** Opening AVAILABLE DATA block **
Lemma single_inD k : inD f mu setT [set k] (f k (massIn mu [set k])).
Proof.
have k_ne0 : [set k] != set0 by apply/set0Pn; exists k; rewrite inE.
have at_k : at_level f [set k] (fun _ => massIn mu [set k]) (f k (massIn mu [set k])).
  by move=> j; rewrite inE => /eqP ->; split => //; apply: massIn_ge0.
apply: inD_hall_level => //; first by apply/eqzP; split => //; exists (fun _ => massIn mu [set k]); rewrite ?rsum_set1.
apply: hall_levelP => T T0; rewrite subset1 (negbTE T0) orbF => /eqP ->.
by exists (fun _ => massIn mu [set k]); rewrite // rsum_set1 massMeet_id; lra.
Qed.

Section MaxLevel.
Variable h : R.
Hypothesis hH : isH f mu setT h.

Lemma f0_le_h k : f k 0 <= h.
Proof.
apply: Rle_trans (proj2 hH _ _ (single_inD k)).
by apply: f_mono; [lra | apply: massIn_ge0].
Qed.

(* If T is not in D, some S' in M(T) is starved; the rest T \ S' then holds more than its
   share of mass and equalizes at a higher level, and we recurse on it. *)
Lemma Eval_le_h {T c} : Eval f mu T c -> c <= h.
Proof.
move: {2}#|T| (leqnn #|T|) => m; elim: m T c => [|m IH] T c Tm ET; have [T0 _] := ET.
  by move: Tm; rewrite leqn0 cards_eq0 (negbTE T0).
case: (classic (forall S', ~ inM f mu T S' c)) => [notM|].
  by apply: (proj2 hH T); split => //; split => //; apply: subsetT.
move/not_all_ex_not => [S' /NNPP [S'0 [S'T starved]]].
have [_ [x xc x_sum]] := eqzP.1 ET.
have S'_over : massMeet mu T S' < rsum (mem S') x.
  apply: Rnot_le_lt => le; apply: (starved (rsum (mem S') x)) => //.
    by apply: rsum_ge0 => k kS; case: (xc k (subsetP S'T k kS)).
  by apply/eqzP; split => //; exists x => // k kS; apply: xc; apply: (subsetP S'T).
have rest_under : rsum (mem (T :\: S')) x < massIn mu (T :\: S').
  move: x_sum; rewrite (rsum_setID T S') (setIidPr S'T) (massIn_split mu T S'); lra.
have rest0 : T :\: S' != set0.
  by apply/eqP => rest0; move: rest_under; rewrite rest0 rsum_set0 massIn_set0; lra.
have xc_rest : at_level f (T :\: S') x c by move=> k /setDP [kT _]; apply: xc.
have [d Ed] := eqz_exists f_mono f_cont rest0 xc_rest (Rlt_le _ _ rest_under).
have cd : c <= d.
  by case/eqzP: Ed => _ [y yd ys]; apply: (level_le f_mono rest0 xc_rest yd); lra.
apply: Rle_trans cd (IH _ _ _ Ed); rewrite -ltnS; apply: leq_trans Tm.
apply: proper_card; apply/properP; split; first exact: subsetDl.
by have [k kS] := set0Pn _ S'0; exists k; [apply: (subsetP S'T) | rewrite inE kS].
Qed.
** Closing AVAILABLE DATA block **
** Opening AVAILABLE DATA block **
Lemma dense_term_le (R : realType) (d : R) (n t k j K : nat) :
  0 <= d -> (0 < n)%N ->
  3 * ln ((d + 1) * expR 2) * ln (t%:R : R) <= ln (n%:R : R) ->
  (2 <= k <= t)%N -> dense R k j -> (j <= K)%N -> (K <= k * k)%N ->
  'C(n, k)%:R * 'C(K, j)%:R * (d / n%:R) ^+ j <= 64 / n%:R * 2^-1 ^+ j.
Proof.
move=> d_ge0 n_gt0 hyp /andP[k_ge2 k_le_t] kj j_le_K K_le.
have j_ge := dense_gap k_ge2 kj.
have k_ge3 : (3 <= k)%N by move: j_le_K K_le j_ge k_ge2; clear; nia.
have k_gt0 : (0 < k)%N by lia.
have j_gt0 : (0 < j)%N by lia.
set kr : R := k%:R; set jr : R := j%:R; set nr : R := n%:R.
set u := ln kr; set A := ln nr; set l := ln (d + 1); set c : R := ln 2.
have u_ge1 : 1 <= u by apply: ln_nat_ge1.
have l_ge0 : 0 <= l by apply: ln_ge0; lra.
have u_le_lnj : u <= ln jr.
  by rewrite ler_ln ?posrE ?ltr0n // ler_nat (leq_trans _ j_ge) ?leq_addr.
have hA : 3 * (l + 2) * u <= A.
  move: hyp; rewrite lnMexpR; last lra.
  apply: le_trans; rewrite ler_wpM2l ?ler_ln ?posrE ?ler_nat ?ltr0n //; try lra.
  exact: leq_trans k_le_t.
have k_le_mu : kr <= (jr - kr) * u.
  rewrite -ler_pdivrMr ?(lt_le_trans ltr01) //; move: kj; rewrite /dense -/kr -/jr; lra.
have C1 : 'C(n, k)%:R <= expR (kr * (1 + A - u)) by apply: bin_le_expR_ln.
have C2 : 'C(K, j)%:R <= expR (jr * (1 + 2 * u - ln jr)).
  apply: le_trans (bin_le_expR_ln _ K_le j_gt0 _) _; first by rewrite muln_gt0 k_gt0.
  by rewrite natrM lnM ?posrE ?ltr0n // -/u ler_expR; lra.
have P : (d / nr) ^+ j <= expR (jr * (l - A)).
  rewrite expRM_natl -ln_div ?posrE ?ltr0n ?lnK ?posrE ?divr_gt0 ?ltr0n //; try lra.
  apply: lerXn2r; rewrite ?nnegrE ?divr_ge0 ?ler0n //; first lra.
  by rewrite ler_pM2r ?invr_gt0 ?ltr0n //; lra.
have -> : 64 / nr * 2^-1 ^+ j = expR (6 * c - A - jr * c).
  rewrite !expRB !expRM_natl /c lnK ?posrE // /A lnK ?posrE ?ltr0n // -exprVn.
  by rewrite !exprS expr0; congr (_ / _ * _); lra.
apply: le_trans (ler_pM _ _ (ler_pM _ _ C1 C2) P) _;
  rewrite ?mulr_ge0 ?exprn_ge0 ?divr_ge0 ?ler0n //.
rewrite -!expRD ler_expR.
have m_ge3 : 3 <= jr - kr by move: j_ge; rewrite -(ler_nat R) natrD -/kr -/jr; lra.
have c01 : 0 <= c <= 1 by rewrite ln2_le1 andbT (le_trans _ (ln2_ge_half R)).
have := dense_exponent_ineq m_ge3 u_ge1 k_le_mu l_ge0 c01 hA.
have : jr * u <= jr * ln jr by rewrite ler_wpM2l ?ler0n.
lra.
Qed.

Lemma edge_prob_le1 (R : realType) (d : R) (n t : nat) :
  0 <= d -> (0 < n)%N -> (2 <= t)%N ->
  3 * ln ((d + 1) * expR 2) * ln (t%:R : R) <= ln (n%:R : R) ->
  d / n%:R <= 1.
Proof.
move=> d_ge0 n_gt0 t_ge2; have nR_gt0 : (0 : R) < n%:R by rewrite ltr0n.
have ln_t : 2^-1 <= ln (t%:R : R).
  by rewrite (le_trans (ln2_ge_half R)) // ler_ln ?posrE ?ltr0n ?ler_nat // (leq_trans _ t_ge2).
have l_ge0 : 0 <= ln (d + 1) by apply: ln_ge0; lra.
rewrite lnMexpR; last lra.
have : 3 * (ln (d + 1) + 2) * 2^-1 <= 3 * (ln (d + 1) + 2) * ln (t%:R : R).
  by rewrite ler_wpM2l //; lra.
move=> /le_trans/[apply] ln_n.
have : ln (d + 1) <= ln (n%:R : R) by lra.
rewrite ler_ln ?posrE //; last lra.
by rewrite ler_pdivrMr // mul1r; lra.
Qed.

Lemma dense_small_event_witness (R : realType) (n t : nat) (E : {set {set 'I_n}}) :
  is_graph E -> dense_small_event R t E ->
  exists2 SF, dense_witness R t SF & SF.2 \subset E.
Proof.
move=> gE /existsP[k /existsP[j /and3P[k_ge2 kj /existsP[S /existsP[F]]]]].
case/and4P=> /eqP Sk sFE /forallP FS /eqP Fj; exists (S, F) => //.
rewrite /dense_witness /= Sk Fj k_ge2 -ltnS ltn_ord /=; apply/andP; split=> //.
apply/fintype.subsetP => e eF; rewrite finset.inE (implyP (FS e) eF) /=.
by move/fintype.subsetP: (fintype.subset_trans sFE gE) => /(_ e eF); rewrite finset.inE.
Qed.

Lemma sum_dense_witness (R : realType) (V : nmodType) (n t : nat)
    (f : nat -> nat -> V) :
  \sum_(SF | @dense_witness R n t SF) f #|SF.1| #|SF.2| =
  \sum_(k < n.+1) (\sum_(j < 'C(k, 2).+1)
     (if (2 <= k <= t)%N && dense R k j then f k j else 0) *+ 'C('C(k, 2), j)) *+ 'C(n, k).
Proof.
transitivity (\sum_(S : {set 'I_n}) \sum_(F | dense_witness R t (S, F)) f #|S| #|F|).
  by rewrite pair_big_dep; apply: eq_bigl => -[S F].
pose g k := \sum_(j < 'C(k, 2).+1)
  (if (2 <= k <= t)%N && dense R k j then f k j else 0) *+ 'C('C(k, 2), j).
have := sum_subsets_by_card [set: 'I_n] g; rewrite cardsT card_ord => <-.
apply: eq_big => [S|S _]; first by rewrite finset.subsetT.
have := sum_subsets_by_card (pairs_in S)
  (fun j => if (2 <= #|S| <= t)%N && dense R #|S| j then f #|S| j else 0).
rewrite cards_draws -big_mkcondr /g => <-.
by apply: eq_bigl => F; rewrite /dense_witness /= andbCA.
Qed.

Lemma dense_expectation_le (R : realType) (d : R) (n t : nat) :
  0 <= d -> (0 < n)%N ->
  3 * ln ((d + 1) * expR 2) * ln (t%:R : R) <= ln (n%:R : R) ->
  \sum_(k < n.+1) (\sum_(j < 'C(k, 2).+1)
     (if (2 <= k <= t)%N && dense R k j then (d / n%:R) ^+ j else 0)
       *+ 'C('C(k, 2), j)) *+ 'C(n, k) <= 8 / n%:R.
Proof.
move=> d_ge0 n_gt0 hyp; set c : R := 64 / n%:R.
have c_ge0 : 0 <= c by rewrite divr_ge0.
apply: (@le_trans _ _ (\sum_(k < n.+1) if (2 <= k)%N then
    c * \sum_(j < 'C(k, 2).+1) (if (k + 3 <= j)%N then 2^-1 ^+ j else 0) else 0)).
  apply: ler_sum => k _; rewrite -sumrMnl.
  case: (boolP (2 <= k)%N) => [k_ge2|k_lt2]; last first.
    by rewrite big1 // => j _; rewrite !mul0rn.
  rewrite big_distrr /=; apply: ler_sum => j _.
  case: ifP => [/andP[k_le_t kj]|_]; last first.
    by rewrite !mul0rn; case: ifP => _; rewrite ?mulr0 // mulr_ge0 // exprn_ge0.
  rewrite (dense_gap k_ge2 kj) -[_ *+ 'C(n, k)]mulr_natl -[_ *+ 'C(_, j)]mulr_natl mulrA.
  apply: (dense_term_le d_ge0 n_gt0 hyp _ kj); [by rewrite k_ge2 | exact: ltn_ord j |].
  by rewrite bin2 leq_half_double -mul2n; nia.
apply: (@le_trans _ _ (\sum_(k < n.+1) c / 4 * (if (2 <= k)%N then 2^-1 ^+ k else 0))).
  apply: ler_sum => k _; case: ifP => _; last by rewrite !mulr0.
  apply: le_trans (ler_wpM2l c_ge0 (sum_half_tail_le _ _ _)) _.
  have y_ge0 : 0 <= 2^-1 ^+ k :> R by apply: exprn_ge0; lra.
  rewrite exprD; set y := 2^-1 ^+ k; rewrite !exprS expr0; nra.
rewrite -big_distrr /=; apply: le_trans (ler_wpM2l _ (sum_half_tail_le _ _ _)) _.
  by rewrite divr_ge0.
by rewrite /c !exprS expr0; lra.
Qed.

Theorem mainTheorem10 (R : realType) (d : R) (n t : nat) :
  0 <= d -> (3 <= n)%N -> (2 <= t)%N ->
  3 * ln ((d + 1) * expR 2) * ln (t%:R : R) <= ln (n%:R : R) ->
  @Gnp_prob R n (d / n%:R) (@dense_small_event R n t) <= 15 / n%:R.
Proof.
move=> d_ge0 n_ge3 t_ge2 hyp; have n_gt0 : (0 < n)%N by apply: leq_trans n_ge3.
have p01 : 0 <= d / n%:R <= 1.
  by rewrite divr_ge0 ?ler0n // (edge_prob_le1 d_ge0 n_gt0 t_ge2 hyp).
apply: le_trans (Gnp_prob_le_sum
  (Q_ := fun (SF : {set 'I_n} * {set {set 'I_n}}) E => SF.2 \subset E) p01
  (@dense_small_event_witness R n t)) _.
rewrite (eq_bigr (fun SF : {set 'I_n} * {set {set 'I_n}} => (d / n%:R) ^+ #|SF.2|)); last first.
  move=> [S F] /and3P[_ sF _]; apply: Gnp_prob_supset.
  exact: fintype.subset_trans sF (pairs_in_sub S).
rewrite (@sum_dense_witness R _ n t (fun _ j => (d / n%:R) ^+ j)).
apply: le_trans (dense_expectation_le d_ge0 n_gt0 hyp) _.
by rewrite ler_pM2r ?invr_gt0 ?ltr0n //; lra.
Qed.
** Closing AVAILABLE DATA block **
# EXERCISE PROMPT:
Print, without alteration, only the lines above between the one holding "Lemma single_inD k" and the one holding "by apply/eqP =>", inclusive.

# EXERCISE OUTPUT:
Lemma single_inD k : inD f mu setT [set k] (f k (massIn mu [set k])).
Proof.
have k_ne0 : [set k] != set0 by apply/set0Pn; exists k; rewrite inE.
have at_k : at_level f [set k] (fun _ => massIn mu [set k]) (f k (massIn mu [set k])).
  by move=> j; rewrite inE => /eqP ->; split => //; apply: massIn_ge0.
apply: inD_hall_level => //; first by apply/eqzP; split => //; exists (fun _ => massIn mu [set k]); rewrite ?rsum_set1.
apply: hall_levelP => T T0; rewrite subset1 (negbTE T0) orbF => /eqP ->.
by exists (fun _ => massIn mu [set k]); rewrite // rsum_set1 massMeet_id; lra.
Qed.

Section MaxLevel.
Variable h : R.
Hypothesis hH : isH f mu setT h.

Lemma f0_le_h k : f k 0 <= h.
Proof.
apply: Rle_trans (proj2 hH _ _ (single_inD k)).
by apply: f_mono; [lra | apply: massIn_ge0].
Qed.

(* If T is not in D, some S' in M(T) is starved; the rest T \ S' then holds more than its
   share of mass and equalizes at a higher level, and we recurse on it. *)
Lemma Eval_le_h {T c} : Eval f mu T c -> c <= h.
Proof.
move: {2}#|T| (leqnn #|T|) => m; elim: m T c => [|m IH] T c Tm ET; have [T0 _] := ET.
  by move: Tm; rewrite leqn0 cards_eq0 (negbTE T0).
case: (classic (forall S', ~ inM f mu T S' c)) => [notM|].
  by apply: (proj2 hH T); split => //; split => //; apply: subsetT.
move/not_all_ex_not => [S' /NNPP [S'0 [S'T starved]]].
have [_ [x xc x_sum]] := eqzP.1 ET.
have S'_over : massMeet mu T S' < rsum (mem S') x.
  apply: Rnot_le_lt => le; apply: (starved (rsum (mem S') x)) => //.
    by apply: rsum_ge0 => k kS; case: (xc k (subsetP S'T k kS)).
  by apply/eqzP; split => //; exists x => // k kS; apply: xc; apply: (subsetP S'T).
have rest_under : rsum (mem (T :\: S')) x < massIn mu (T :\: S').
  move: x_sum; rewrite (rsum_setID T S') (setIidPr S'T) (massIn_split mu T S'); lra.
have rest0 : T :\: S' != set0.
  by apply/eqP => rest0; move: rest_under; rewrite rest0 rsum_set0 massIn_set0; lra.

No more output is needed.